■ EXERCISE AIM: Repeat exactly, and only, the lines of the entries below from the one with "Lemma last_write_moved e" through the one with "Definition chain_recurrent (I", both ends included.

*** SOURCE RECORDS ***

Lemma lin_sumf (I : Type) (s : seq I) (P : pred I) (g : I -> V -> W) :
  (forall i, linear (g i)) -> linear (fun u => \sum_(i <- s | P i) g i u).
Proof.
move=> Hg r u v; rewrite scaler_sumr -big_split /=.
by apply: eq_bigr => i _; rewrite Hg.
Qed.

Lemma lin_scaler (k : R) (g : V -> W) : linear g -> linear (fun u => k *: g u).
Proof. by move=> Hg r u v; rewrite Hg scalerDr !scalerA mulrC. Qed.

Lemma lin_scalel (g : V -> R^o) (w : W) : linear g -> linear (fun u => g u *: w).
Proof. by move=> Hg r u v; rewrite Hg scalerDl scalerA. Qed.

End LinearFunctions.

Section Tensors.
Variables (F : fieldType) (H : falgType F).
Local Notation bas := (@bas F H).
Local Notation crd := (@crd F H).
Local Notation dimH := (@dimH F H).
Local Notation idx := (@idx F H).
Local Notation tensor := (@tensor F H).

Lemma bas_expand (h : H) : h = \sum_i crd i h *: bas i.
Proof.
rewrite {1}(coord_vbasis (memvf h)); apply: eq_bigr => i _.
by rewrite /crd /bas (tnth_nth 0).
Qed.

Lemma crd_bas i j : crd j (bas i) = (i == j)%:R.
Proof.
rewrite /crd /bas (tnth_nth 0) coord_free //.
exact: basis_free (vbasisP _).
Qed.

Lemma crd_neq0 (h : H) : h != 0 -> exists i, crd i h != 0.
Proof.
move=> hn0; apply/existsP; apply: contraR hn0; rewrite negb_exists => /forallP z.
rewrite (bas_expand h) big1 // => i _.
by move: (z i); rewrite negbK => /eqP ->; rewrite scale0r.
Qed.

Lemma sum_crd_bas (V : lmodType F) j (g : 'I_dimH -> V) :
  \sum_i crd i (bas j) *: g i = g j.
Proof.
rewrite (bigD1 j) //= big1 => [|i /negbTE ne].
  by rewrite crd_bas eqxx scale1r addr0.
by rewrite crd_bas eq_sym ne scale0r.
Qed.
Lemma wf_acq_moved : wf_acq orig -> wf_acq moved.
Proof.
  intros Wacq a a' l Ha Ha' Ea Ea' Haa'.
  rewrite In_moved in Ha, Ha'.
  assert (a <> q) by ne_q. assert (a' <> q) by ne_q.
  rewrite before_moved_iff in Haa' by assumption.
  destruct (Wacq a a' l Ha Ha' Ea Ea' Haa') as (r & Hr & Er & Tr & Har & Hra').
  assert (r <> q) by ne_q.
  exists r. rewrite In_moved, !before_moved_iff by assumption. auto.
Qed.

Lemma wf_rel_moved : wf_rel orig -> wf_rel moved.
Proof.
  intros Wrel r l Hr Er. rewrite In_moved in Hr.
  assert (r <> q) by ne_q.
  destruct (Wrel r l Hr Er) as (a & Ha & Ea & Ta & Har & Hnone).
  assert (a <> q) by ne_q.
  exists a. rewrite In_moved, before_moved_iff by assumption.
  repeat split; auto.
  intros (r' & Hr' & Er' & Har' & Hr'r). apply Hnone.
  rewrite In_moved in Hr'. assert (r' <> q) by ne_q.
  rewrite !before_moved_iff in Har', Hr'r by assumption. eauto.
Qed.

Lemma wf_req_moved : wf_req orig -> wf_req moved.
Proof.
  intros [Wreq_acq Wreq_next]. split.
  - intros a l Ha Ea. rewrite In_moved in Ha.
    assert (a <> q) by ne_q.
    destruct (Wreq_acq a l Ha Ea) as (q0 & Hq0 & Eq0 & Tq0 & Hq0a & Hnone).
    assert (q0 <> q).
    { intros ->. apply (q_final a); auto. apply before_orig_from_q; assumption. }
    exists q0. rewrite In_moved, before_moved_iff by assumption.
    repeat split; auto.
    intros (g & Hg & Tg & Hq0g & Hga). apply Hnone.
    assert (g <> q) by (intros ->; eapply not_before_moved_from_last; eauto).
    rewrite In_moved in Hg. rewrite !before_moved_iff in Hq0g, Hga by assumption.
    eauto.
  - intros q0 l g Hq0 Eq0 Hg Tg Hq0g Hnone.
    rewrite In_moved in Hq0, Hg.
    assert (q0 <> q) by (intros ->; eapply not_before_moved_from_last; eauto).
    destruct (classic (g = q)) as [-> | Hgq].
    + assert (Hq0A : In q0 A).
      { apply before_moved_last in Hq0g as [? | HB]; auto.
        exfalso. apply (q_final q0); auto. }
      apply (Wreq_next q0 l q Hq0 Eq0 Hg Tg); [rewrite before_orig; auto |].
      (* an event between [q0] and [q] in [orig] lies in [A], so it also
         precedes [q] in [moved] *)
      intros (h & Hh & Th & Hq0h & Hhq). apply Hnone.
      pose proof (before_orig_to_q h Hhq) as HhA.
      assert (h <> q) by (intros ->; contradiction).
      exists h. rewrite In_moved, before_moved_iff, before_moved_last by assumption.
      auto.
    + rewrite before_moved_iff in Hq0g by assumption.
      apply (Wreq_next q0 l g Hq0 Eq0 Hg Tg Hq0g).
      intros (h & Hh & Th & Hq0h & Hhg). apply Hnone.
      assert (h <> q).
      { intros ->. apply (q_final g); [apply before_orig_from_q; assumption|].
        congruence. }
      exists h. rewrite In_moved, !before_moved_iff by assumption. auto.
Qed.

Lemma well_formed_moved : well_formed orig -> well_formed moved.
Proof.
  intros (Wacq & Wrel & Wreq). split; [|split].
  - apply wf_acq_moved; assumption.
  - apply wf_rel_moved; assumption.
  - apply wf_req_moved; assumption.
Qed.

Lemma proj_moved t : proj t moved = proj t orig.
Proof.
  unfold proj. rewrite !filter_app. simpl.
  destruct (Nat.eqb_spec (ethd q) t) as [<- | _]; [|now rewrite app_nil_r].
  rewrite (filter_ext_in _ (fun _ => false) B), filter_false; [reflexivity|].
  intros f Hf. apply Nat.eqb_neq, q_final, Hf.
Qed.

Lemma last_write_moved e f : last_write orig e f -> last_write moved e f.
Proof.
  intros (x & Ex & Hf & Ef & Hfe & Hnone).
  assert (e <> q) by ne_q. assert (f <> q) by ne_q.
  exists x. rewrite In_moved, before_moved_iff by assumption.
  repeat split; auto.
  intros (g & Hg & Eg & Hfg & Hge). apply Hnone.
  rewrite In_moved in Hg. assert (g <> q) by ne_q.
  rewrite !before_moved_iff in Hfg, Hge by assumption. eauto.
Qed.
Definition eps_chain (I : R -> Prop) (g : R -> R) (eps x y : R) : Prop :=
  exists (N : nat) (z : nat -> R), (0 < N)%nat /\ z O = x /\ z N = y /\
    (forall n, (n <= N)%nat -> I (z n)) /\
    (forall n, (1 <= n <= N)%nat -> Rabs (g (z (n - 1)%nat) - z n) < eps).

Definition chain_recurrent (I : R -> Prop) (g : R -> R) (x : R) : Prop :=
  I x /\ forall eps, 0 < eps -> eps_chain I g eps x x.

Definition chain_explosion_point (I J : R -> Prop) (f : R -> R -> R) (l0 x : R) : Prop :=
  chain_recurrent I (fun u => f u l0) x /\
  exists delta eps, 0 < delta /\ 0 < eps /\
    ((forall l, J l -> l0 < l < l0 + eps -> forall u, Rabs (u - x) < delta ->
        ~ chain_recurrent I (fun v => f v l) u) \/
     (forall l, J l -> l0 - eps < l < l0 -> forall u, Rabs (u - x) < delta ->
        ~ chain_recurrent I (fun v => f v l) u)).

From Stdlib Require Import Reals Lra Lia.
Open Scope R_scope.

(* Let [x0] be the repelling fixed point and [f_0^L w = x0]; [w <> x0] since
   [f_0'(w) = 0 < f_0'(x0)].  Pick [t1] close to [w], on the side of [x0], with
   [f_0^L t1 <> x0] (possible by (H2)).  As [w] lies in both [U_left] and [U_right],
   some [u] strictly between [x0] and [f_0^L t1] satisfies [f_0^n u = w].  Choose [p]
   between [x0] and [u] so close to [x0] that [f_0^n p] stays closer to [x0] than [t1],
   and [t2] between [w] and [t1] so close to [w] that [f_0^L t2] is closer to [x0]
   than [p].  Then [f_0^L] carries [[t1, t2]] across [p] and [u], while [f_0^n] sends
   [p] and [u] to opposite sides of [[t1, t2]].  These finitely many strict
   inequalities persist for every [lambda] near [lambda_0], and the intermediate value
   theorem yields a periodic, hence chain recurrent, point of [f_lambda] in [[t1, t2]],
   on both sides of [lambda_0].  Only continuity of the family, (H2), (H4) at
   [lambda_0], (H6) and [w] in [U_left] and [U_right] are used. *)

Definition between (a b x : R) : Prop := Rmin a b <= x <= Rmax a b.

Definition strictly_between (a b x : R) : Prop := Rmin a b < x < Rmax a b.

Ltac solve_between :=
  unfold strictly_between, between, Rmin, Rmax in *; repeat destruct Rle_dec;
  unfold Rabs in *; repeat destruct Rcase_abs; lra.

Lemma strictly_between_sym a b x : strictly_between a b x -> strictly_between b a x.
Proof. solve_between. Qed.

Lemma strictly_between_neq a b x : strictly_between a b x -> x <> a /\ x <> b.
Proof. solve_between. Qed.

Lemma strictly_between_between a b x : strictly_between a b x -> between a b x.
Proof. solve_between. Qed.

Lemma strictly_between_trans a b x y :
  strictly_between a b x -> strictly_between x b y -> strictly_between a b y.
Proof. solve_between. Qed.

Lemma strictly_between_dist a b x : strictly_between a b x -> Rabs (x - a) < Rabs (b - a).
Proof. solve_between. Qed.

Lemma strictly_between_move_endpoint a a' b x :
  strictly_between a b x -> Rabs (a' - a) < Rabs (x - a) -> strictly_between a' b x.
Proof. solve_between. Qed.

Lemma strictly_between_of_between a b c t :
  strictly_between a b c -> between a c t -> t <> a -> strictly_between a b t.
Proof. solve_between. Qed.

Lemma between_dist a b x : between a b x -> Rabs (x - a) <= Rabs (b - a).
Proof. solve_between. Qed.

Lemma between_ball a b x c d :
  between a b x -> Rabs (a - c) < d -> Rabs (b - c) < d -> Rabs (x - c) < d.
Proof. solve_between. Qed.
(* Let h = g - grad F(w).  On the first branch (probability 1 - p) the
   block i of h is (grad f~_{i,j}(x_i) - grad f~_{i,j}(w_i)) / (n (1 - p)) with
   j uniform; on the second (probability p) it is lam/(n p) times the change of
   the deviation x_i - xbar versus w_i - wbar.  The estimator is unbiased:
   E h = grad F(x) - grad F(w), so E |g - grad F(x)|^2 = E |h - E h|^2
   <= E |h|^2 (a mixture's variance is at most its second moment).  The
   gradient part of E |h|^2 is bounded by cocoercivity of convex smooth
   functions, |grad f(y) - grad f(x)|^2 <= 2 L D_f(y, x), and the consensus
   part is exactly the Bregman divergence of the quadratic penalty.  Both pieces
   add up to the Bregman divergence of F, weighted by the two branch constants. *)
From HB Require Import structures.
From mathcomp Require Import all_boot all_order all_algebra.
From mathcomp Require Import all_classical all_reals all_analysis.
From mathcomp Require Import ring lra.
Import Order.TTheory GRing.Theory Num.Theory.
Import numFieldNormedType.Exports.
Set Implicit Arguments. Unset Strict Implicit. Unset Printing Implicit Defensive.
Local Open Scope ring_scope.
Local Open Scope classical_set_scope.

Section InnerProduct.
Variables (R : realType) (d : nat).
Implicit Types (u v z : 'rV[R]_d) (a : R).

Lemma dotvC u v : dotv u v = dotv v u.
Proof. by apply: eq_bigr => k _; rewrite mulrC. Qed.

Lemma dotvDl u v z : dotv (u + z) v = dotv u v + dotv z v.
Proof. by rewrite /dotv -big_split; apply: eq_bigr => k _; rewrite !mxE mulrDl. Qed.

Lemma dotvBl u v z : dotv (u - z) v = dotv u v - dotv z v.
Proof. by rewrite /dotv -sumrB; apply: eq_bigr => k _; rewrite !mxE mulrBl. Qed.

Lemma dotvZl a u v : dotv (a *: u) v = a * dotv u v.
Proof. by rewrite /dotv mulr_sumr; apply: eq_bigr => k _; rewrite !mxE mulrA. Qed.

Lemma dotvDr u v z : dotv v (u + z) = dotv v u + dotv v z.
Proof. by rewrite dotvC dotvDl !(dotvC v). Qed.

Lemma dotvBr u v z : dotv v (u - z) = dotv v u - dotv v z.
Proof. by rewrite dotvC dotvBl !(dotvC v). Qed.

Lemma dotvZr a u v : dotv v (a *: u) = a * dotv v u.
Proof. by rewrite dotvC dotvZl dotvC. Qed.

Lemma dotv0r v : dotv v 0 = 0.
Proof. by rewrite /dotv big1 // => k _; rewrite mxE mulr0. Qed.

Lemma dotv_suml m (g : 'I_m -> 'rV[R]_d) v :
  dotv (\sum_(j < m) g j) v = \sum_(j < m) dotv (g j) v.
Proof. by rewrite /dotv exchange_big; apply: eq_bigr => k _; rewrite summxE mulr_suml. Qed.

Lemma sqnorm_ge0 u : 0 <= sqnorm u.
Proof. by apply: sumr_ge0 => k _; rewrite -expr2 sqr_ge0. Qed.

Lemma sqnorm_eq0 u : sqnorm u = 0 -> u = 0.
Proof.
move=> /eqP; rewrite psumr_eq0 => [/allP u0|k _]; last by rewrite -expr2 sqr_ge0.
apply/rowP => k; rewrite mxE.
by apply/eqP; rewrite -sqrf_eq0 expr2; apply: u0; exact: mem_index_enum.
Qed.

Lemma sqnormZ a u : sqnorm (a *: u) = a ^+ 2 * sqnorm u.
Proof. by rewrite /sqnorm dotvZl dotvZr mulrA expr2. Qed.

Lemma sqnorm_subC u v : sqnorm (u - v) = sqnorm (v - u).
Proof. by rewrite -opprB -scaleN1r sqnormZ sqrrN expr1n mul1r. Qed.

Lemma sqnorm_breg u v : sqnorm u - sqnorm v - 2 * dotv v (u - v) = sqnorm (u - v).
Proof. rewrite /sqnorm !dotvBl !dotvBr (dotvC u v); ring. Qed.

Lemma enorm_sq u : enorm u ^+ 2 = sqnorm u.
Proof. by rewrite /enorm sqr_sqrtr // sqnorm_ge0. Qed.

Lemma enorm_ge0 u : 0 <= enorm u.
Proof. exact: sqrtr_ge0. Qed.

Lemma enorm_eq0 {u} : enorm u = 0 -> u = 0.
Proof. by move=> u0; apply: sqnorm_eq0; rewrite -enorm_sq u0 expr2 mulr0. Qed.

Lemma enormZ a u : enorm (a *: u) = `|a| * enorm u.
Proof. by rewrite /enorm sqnormZ sqrtrM ?sqr_ge0 // sqrtr_sqr. Qed.

(* Cauchy-Schwarz, from the nonnegativity of sqnorm (|v| u - |u| v). *)
Lemma cauchy_schwarz u v : dotv u v <= enorm u * enorm v.
Proof.
set a := enorm u; set b := enorm v.
have a0 : 0 <= a := enorm_ge0 u.
have b0 : 0 <= b := enorm_ge0 v.
have [a_eq0|a_neq0] := eqVneq a 0.
  by rewrite (enorm_eq0 a_eq0) dotvC dotv0r a_eq0 mul0r.
have [b_eq0|b_neq0] := eqVneq b 0.
  by rewrite (enorm_eq0 b_eq0) dotv0r b_eq0 mulr0.
have := sqnorm_ge0 (b *: u - a *: v).
rewrite /sqnorm dotvBl !dotvBr !dotvZl !dotvZr (dotvC v u).
rewrite -/(sqnorm u) -/(sqnorm v) -(enorm_sq u) -(enorm_sq v) -/a -/b => h.
have abp : 0 < a * b by rewrite mulr_gt0 // lt0r ?a_neq0 ?b_neq0.
nra.
Qed.

End InnerProduct.

Section FirstOrder.
Variables (R : realType) (d : nat).
Implicit Types (f : 'rV[R]_d -> R) (x y z v : 'rV[R]_d).

Definition bregv f y z : R := f y - f z - dotv (grad f z) (y - z).

Lemma derive_dot f x v : differentiable f x -> 'D_v f x = dotv (grad f x) v.
Proof.
move=> df; rewrite deriveE // {1}(row_sum_delta v) linear_sum.
by apply: eq_bigr => k _; rewrite linearZ /= mxE deriveE // mulrC.
Qed.

Lemma is_derive_line f y v t : differentiable f (t *: v + y) ->
  is_derive t 1 (fun s : R => f (s *: v + y)) (dotv (grad f (t *: v + y)) v).
Proof.
move=> df.
have shiftE : (fun s : R => s^-1 *: (((fun s : R => f (s *: v + y)) \o shift t) (s *: 1)
                 - f (t *: v + y)))
  = (fun s : R => s^-1 *: ((f \o shift (t *: v + y)) (s *: v) - f (t *: v + y))).
  by apply: funext => s /=; rewrite [s%:A]mulr1 scalerDl addrA.
constructor; first by rewrite /derivable shiftE; exact: diff_derivable.
by rewrite /derive shiftE -/(derive f (t *: v + y) v) derive_dot.
Qed.
Hypotheses (Hcont : forall x, Gamma x -> vcont_at grad_f x) (Hgxb : grad_f xb <> vzero)
  (HGM : GMFCQ X m g grad_g xb).

Lemma minimizer_props x :
  minimizers f X m g x ->
  X1 X m g xb lam x /\ dot (grad_f x) (vsub xb x) = 0 /\
  dot (grad_f xb) (vsub x xb) = 0 /\ grad_f x <> vzero.
Proof.
  intros [Hx Hx_min]; destruct Hmin as [Hxb Hxb_min].
  pose proof (HXG x (proj1 Hx)) as Gx; pose proof (HXG xb (proj1 Hxb)) as Gxb.
  assert (Hlevel : f x = f xb)
    by (specialize (Hx_min xb Hxb); specialize (Hxb_min x Hx); lra).
  assert (Hdir : dot (grad_f xb) (vsub x xb) = 0).
  { pose proof (quasiconvex_grad_nonpos n Gamma f xb x _ Hq Gxb Gx (Hgrad xb Gxb)
                  ltac:(lra)).
    pose proof (kkt_grad_dir_nonneg n m Gamma X grad_f g grad_g xb lam HXG Hxb Hact HKKT
                  x Hx).
    lra. }
  split; [|split; [|split]].
  - exact (kkt_level_in_X1 n m Gamma X grad_f g grad_g xb lam HXG Hxb Hact HKKT x
             HGo HGM Hx Hdir).
  - exact (level_grad_orth n Gamma f grad_f xb x HGo HGc Hq Hgrad Gxb Gx Hgxb Hlevel Hdir).
  - exact Hdir.
  - exact (level_grad_nonzero n Gamma f grad_f xb x HGo HGc Hq Hgrad Gxb Gx Hgxb Hlevel Hdir
             (Hcont xb Gxb)).
Qed.

End Minimizers.

Theorem theorem5 (n m : nat) (Gamma X : vec n -> Prop)
  (f : vec n -> R) (grad_f : vec n -> vec n)
  (g : nat -> vec n -> R) (grad_g : nat -> vec n -> vec n)
  (xb : vec n) (lam : nat -> R) :
  is_open Gamma -> is_convex Gamma ->
  (forall x, X x -> Gamma x) -> is_convex X ->
  minimizers f X m g xb ->
  (forall x, Gamma x -> has_grad f x (grad_f x)) ->
  (forall x, Gamma x -> vcont_at grad_f x) ->
  quasiconvex_on Gamma f ->
  (forall i, active m g xb i ->
     (forall x, Gamma x -> has_grad (g i) x (grad_g i x)) /\
     quasiconvex_on Gamma (g i)) ->
  (forall i, (i < m)%nat -> ~ active m g xb i -> cont_at (g i) xb) ->
  grad_f xb <> vzero ->
  GMFCQ X m g grad_g xb ->
  KKT_multiplier X grad_f m g grad_g xb lam ->
  let S1 := fun x => X1 X m g xb lam x /\
              dot (grad_f x) (vsub xb x) = 0 /\ grad_f x <> vzero in
  let S2 := fun x => X1 X m g xb lam x /\
              dot (grad_f x) (vsub xb x) >= 0 /\ grad_f x <> vzero in
  let S3 := fun x => X1 X m g xb lam x /\
              dot (grad_f x) (vsub xb x) = dot (grad_f xb) (vsub x xb) /\
              grad_f x <> vzero in
  let S4 := fun x => X1 X m g xb lam x /\
              dot (grad_f x) (vsub xb x) >= dot (grad_f xb) (vsub x xb) /\
              grad_f x <> vzero in
  let S5 := fun x => X1 X m g xb lam x /\
              dot (grad_f x) (vsub xb x) = dot (grad_f xb) (vsub x xb) /\
              dot (grad_f xb) (vsub x xb) = 0 /\
              grad_f x <> vzero in
  forall x,
    (minimizers f X m g x <-> S1 x) /\
    (minimizers f X m g x <-> S2 x) /\
    (minimizers f X m g x <-> S3 x) /\
    (minimizers f X m g x <-> S4 x) /\
    (minimizers f X m g x <-> S5 x).
Proof.
  intros HGo HGc HXG _ Hmin Hgrad Hcont Hq Hact _ Hgxb HGM HKKT; cbv zeta; intro x.
  pose proof (minimizer_props n m Gamma X f grad_f g grad_g xb lam HGo HGc HXG Hmin
                Hgrad Hq Hact HKKT Hcont Hgxb HGM x) as Hfwd.
  pose proof (minimizer_of_X1 n m Gamma X f grad_f g xb lam HGo HXG Hmin
                Hgrad Hq x) as Hback.
  assert (HX1dir : X1 X m g xb lam x -> dot (grad_f xb) (vsub x xb) >= 0).
  { intro HX1; apply (kkt_grad_dir_nonneg n m Gamma X grad_f g grad_g xb lam HXG
                        (proj1 Hmin) Hact HKKT), (X1_feasible n X m g xb lam x HX1). }
  split; [|split; [|split; [|split]]]; (split;
    [ intros Hx; destruct (Hfwd Hx) as (HX1 & Horth & Hdir & Hnz);
      refine (conj HX1 _); intuition lra
    | intros [HX1 Hrest]; apply Hback; [exact HX1|tauto|];
      decompose [and] Hrest; pose proof (HX1dir HX1); lra ]).
Qed.
Lemma orbit_aut r h v :
  automorphism V adj h -> orbit r v -> orbit r (h v).
Proof.
  intros Hh [f [Hf <-]]. exists (fun x => h (f x)). split; [apply aut_comp|]; auto.
Qed.

Lemma orbit_transitive r x y : orbit r x -> orbit r y ->
  exists h, automorphism V adj h /\ h x = y.
Proof.
  intros [f [Hf <-]] [g [Hg <-]].
  destruct (aut_inv f Hf) as [fi [Hfi [Hfif _]]].
  exists (fun v => g (fi v)). split; [apply aut_comp; assumption|].
  rewrite Hfif. reflexivity.
Qed.

Lemma near_aut (X : V -> Prop) j f v :
  (forall g w, automorphism V adj g -> X w -> X (g w)) ->
  automorphism V adj f -> near adj X j v -> near adj X j (f v).
Proof.
  intros HX Hf [u [a [Hu [Ha Hw]]]]. exists (f u), a.
  repeat split; auto. apply walk_aut; auto.
Qed.

End Automorphisms.

Section Counting.
Context {A : Type}.

Definition decP (P : A -> Prop) (x : A) : bool :=
  if excluded_middle_informative (P x) then true else false.

Lemma decP_true P x : decP P x = true <-> P x.
Proof.
  unfold decP; destruct (excluded_middle_informative (P x)); split; congruence.
Qed.

Definition countP (P : A -> Prop) (l : list A) : nat := length (filter (decP P) l).

Lemma countP_cons P x l :
  countP P (x :: l) = ((if decP P x then 1 else 0) + countP P l)%nat.
Proof. unfold countP; simpl; destruct (decP P x); reflexivity. Qed.
(* relative coslice: objects (d, R) with d : B -> t R (stored as (R, d));
   morphisms (d1,R1) -> (d2,R2) are derivations gamma : R1 -> R2 with
   d1 ; t(gamma) = d2 *)
Definition Coslice (B : T) : Category.
Proof.
  refine {| Ob := {R : D & Hom B (t R)};
            Hom := fun x y => {g : Hom (projT1 x) (projT1 y)
                                | projT2 x ;; FM t g = projT2 y};
            idm := fun x => exist _ (idm (projT1 x)) (cos_id_ok x);
            comp := fun x y z f g => exist _ (proj1_sig f ;; proj1_sig g)
              (cos_comp_ok (proj2_sig f) (proj2_sig g)) |}.
  - intros; apply sig_ext; simpl; apply comp_idl.
  - intros; apply sig_ext; simpl; apply comp_idr.
  - intros; apply sig_ext; simpl; apply comp_assoc.
Defined.

Definition Minus (B : T) : Category := opCat (Coslice B).

Record Judgment := { jP : D; jR : D; jc : Hom (t jP) (t jR) }.

Lemma jdg_id_ok (j : Judgment) :
  jc j = FM t (idm (jP j)) ;; jc j ;; FM t (idm (jR j)).
Proof. norm; reflexivity. Qed.

Lemma jdg_comp_ok (x y z : Judgment)
  (f : (Hom (jP x) (jP y) * Hom (jR y) (jR x))%type)
  (g : (Hom (jP y) (jP z) * Hom (jR z) (jR y))%type) :
  jc x = FM t (fst f) ;; jc y ;; FM t (snd f) ->
  jc y = FM t (fst g) ;; jc z ;; FM t (snd g) ->
  jc x = FM t (fst f ;; fst g) ;; jc z ;; FM t (snd g ;; snd f).
Proof. intros Hf Hg; rewrite Hf, Hg; norm; reflexivity. Qed.

Definition Jdg : Category.
Proof.
  refine {| Ob := Judgment;
            Hom := fun j1 j2 => {p : (Hom (jP j1) (jP j2) * Hom (jR j2) (jR j1))%type
                                 | jc j1 = FM t (fst p) ;; jc j2 ;; FM t (snd p)};
            idm := fun j : Judgment => exist _ (idm (jP j), idm (jR j)) (jdg_id_ok j);
            comp := fun x y z f g =>
              exist _ (fst (proj1_sig f) ;; fst (proj1_sig g),
                       snd (proj1_sig g) ;; snd (proj1_sig f))
              (jdg_comp_ok (proj2_sig f) (proj2_sig g)) |}.
  - intros A B [[f1 f2] Hf]; apply sig_ext; simpl; rewrite comp_idl, comp_idr;
    reflexivity.
  - intros A B [[f1 f2] Hf]; apply sig_ext; simpl; rewrite comp_idl, comp_idr;
    reflexivity.
  - intros A B C E [[f1 f2] Hf] [[g1 g2] Hg] [[h1 h2] Hh]; apply sig_ext;
    simpl; rewrite !comp_assoc; reflexivity.
Defined.

Definition Deriv (P R : D) (c : Hom (t P) (t R)) : Type :=
  {a : Hom P R | FM t a = c}.

Lemma der_ok (j1 j2 : Jdg) (f : Hom j1 j2) (a : Deriv (jc j2)) :
  FM t (fst (proj1_sig f) ;; proj1_sig a ;; snd (proj1_sig f)) = jc j1.
Proof.
  destruct f as [[f1 f2] Hf], a as [a Ha]; simpl in *.
  rewrite Hf, <- Ha; norm; reflexivity.
Qed.

Definition Der : Presheaf Jdg.
Proof.
  refine (@Build_Presheaf Jdg (fun j : Jdg => Deriv (jc j))
            (fun j1 j2 f a =>
              exist _ (fst (proj1_sig f) ;; proj1_sig a ;; snd (proj1_sig f))
                (der_ok f a)) _ _).
  - intros x [a Ha]; apply sig_ext; simpl; rewrite comp_idl, comp_idr;
    reflexivity.
  - intros x y z [[f1 f2] Hf] [[g1 g2] Hg] [a Ha]; apply sig_ext; simpl;
    rewrite !comp_assoc; reflexivity.
Defined.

*** End of SOURCE RECORDS ***

■ SOLUTION:
Lemma last_write_moved e f : last_write orig e f -> last_write moved e f.
Proof.
  intros (x & Ex & Hf & Ef & Hfe & Hnone).
  assert (e <> q) by ne_q. assert (f <> q) by ne_q.
  exists x. rewrite In_moved, before_moved_iff by assumption.
  repeat split; auto.
  intros (g & Hg & Eg & Hfg & Hge). apply Hnone.
  rewrite In_moved in Hg. assert (g <> q) by ne_q.
  rewrite !before_moved_iff in Hfg, Hge by assumption. eauto.
Qed.
Definition eps_chain (I : R -> Prop) (g : R -> R) (eps x y : R) : Prop :=
  exists (N : nat) (z : nat -> R), (0 < N)%nat /\ z O = x /\ z N = y /\
    (forall n, (n <= N)%nat -> I (z n)) /\
    (forall n, (1 <= n <= N)%nat -> Rabs (g (z (n - 1)%nat) - z n) < eps).

Definition chain_recurrent (I : R -> Prop) (g : R -> R) (x : R) : Prop :=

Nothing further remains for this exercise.